写真/中島望(シェブロン・ワールドチャレンジで昨季を締め括ったタイガー・ウッズ)

写真拡大

すでに開幕第3戦が終わろうとしている今、米ゴルフ界はタイガー・ウッズの今季初登場が待ち遠しくてたまらない様子だ。昨年12月に自らが大会ホストを務めるシェブロン・ワールドチャレンジに出場し、10年シーズンで初めて優勝争いに絡んだタイガー。以後、公けの場に姿を見せることなく、クリスマス、そしてニューイヤーを過ごした。

姿が見えなくても、タイガーの話題は尽きなかった。97年から13年間、プレイイング・エディター契約を結んでいた米ゴルフダイジェスト誌との決別は、スキャンダル騒動で次々にスポンサー契約を失っていたことを思えば、さほどの驚きではなかった。契約が消滅したという事実より、なぜ契約解除になったのかという舞台裏のほうが気になる。折りしもタイガーは、キャリア4度目のスイング改造中で、どこをどんなふうに改造しているかという詳細を彼は語りたがらない。「セットアップもテークバックもトップもダウンも、全部変えてる」と煙に巻くばかり。そんなタイガーゆえ、スイング技術を解説することを求められるプレイイング・エディター契約が嫌になったのだろうという推測は成り立つ。だが、契約絡みの話は、双方とも内情を明かさないだろう。だから余計に気になってしまう。

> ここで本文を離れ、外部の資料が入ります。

Lemma ln_markov_ratio_le l (a : seq A) :
  `|ln (markov_approx (mass mu) l a / mass mu a)| <= (size a)%:R * var l (@ln R \o g).
Proof.
have var_ge0 := var_ge0 (@ln R \o g) l.
have [le_al|lt_la] := leqP (size a) l.
  by rewrite /markov_approx le_al divff ?gt_eqF // ln1 normr0 mulr_ge0.
rewrite markov_approx_ratio // ln_prod => [|j]; last first.
  by rewrite divr_gt0 ?(cond_mass_gt0 mass_pos).
apply: le_trans (ler_norm_sum _ _ _) _.
apply: (@le_trans _ _ (\sum_(0 <= j < size a - l) var l (@ln R \o g))).
  apply: ler_sum_nat => j /andP[_ lt_jk].
  have size_drop_gt : (l < size (drop j a))%N by rewrite size_drop; lia.
  have := size_drop_gt; case: (drop j a) => [//|c t] /= lt_l_t.
  have W_le := @ln_cond_mass_ratio_le (take l (c :: t)) c (take l t) c t.
  rewrite size_takel in W_le; last exact: ltnW.
  apply: W_le; last exact: cyl_take.
  have := @cyl_take _ (take l.+1 (c :: t)) l.
  by rewrite take_takel.
rewrite sumr_const_nat subn0 -[_ *+ _]mulr_natl.
by apply: ler_wpM2r => //; rewrite ler_nat leq_subr.
Qed.

End GMeasure.

Lemma rho_ge0 (R : realType) (A : finPointedType) (p q : seq A -> R) : (0 <= rho p q)%E.
Proof.
apply: le_trans (ereal_sup_ubound _); last by exists [:: point].
by rewrite lee_fin divr_ge0.
Qed.

Theorem theorem3p1 (R : realType) (A : finPointedType) (g : Xt A -> R)
    (mu : probability (XB A) R) :
  g_function g -> continuous g -> compatible_g_measure g mu ->
  (fun l : nat => rho (markov_approx (mass mu) l) (mass mu)) @ \oo --> 0%E /\
  (forall l : nat, (0 < l)%N ->
     (rho (markov_approx (mass mu) l) (mass mu) <= (var l (@ln R \o g))%:E)%E).
Proof.
move=> g_fun g_cont mu_g.
have ln_g_cont : continuous (@ln R \o g).
  move=> x; apply: continuous_comp; first exact: g_cont.
  by case: g_fun => _ /(_ x) /andP[g_gt0 _] _; exact: continuous_ln.
have [M ln_gM] := continuous_bounded ln_g_cont.
have rho_le_var l : (rho (markov_approx (mass mu) l) (mass mu) <= (var l (@ln R \o g))%:E)%E.
  apply: ge_ereal_sup => _ [a a_gt0 <-].
  rewrite lee_fin ler_pdivrMr ?ltr0n // [X in _ <= X]mulrC.
  by apply: (ln_markov_ratio_le g_fun mu_g (M := M)) => y; exact: ln_gM.
split=> [|l _]; last exact: rho_le_var.
apply: (@squeeze_cvge _ _ _ _ (fun=> 0%E) _ (fun l => (var l (@ln R \o g))%:E)).
- by apply: nearW => l; rewrite rho_ge0 rho_le_var.
- exact: cvg_cst.
- by apply: cvg_EFin; [exact: nearW | exact: var_cvg0].
Qed.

そして最近。もう1つ、にわかに注目を集めているタイガーの話題がある。いや、正確に言うと、タイガーの話題というより、タイガー絡みで起こったタイガーとは無関係の出来事だ。USAトゥデイによると、「09年11月に起こったあの交通事故でタイガーが運び込まれたフロリダ州オーランドの病院に勤務していた男性ナースは、その際、勝手に見ることを禁じられているタイガーの診療記録を覗き見したという嫌疑で、病院から解雇された。だが、この男性ナース、不十分な証拠に基づく不当解雇ということで、今になって病院側を告訴した」とのこと。だが、それより何より、この男性ナース、タイガーが過去にこの病院で診察を受けた際、2つの偽名を使っていたことを明かしており、それが覗き見をした何よりの証拠のように思えるのだが、果たして真実はどうなのだろうか。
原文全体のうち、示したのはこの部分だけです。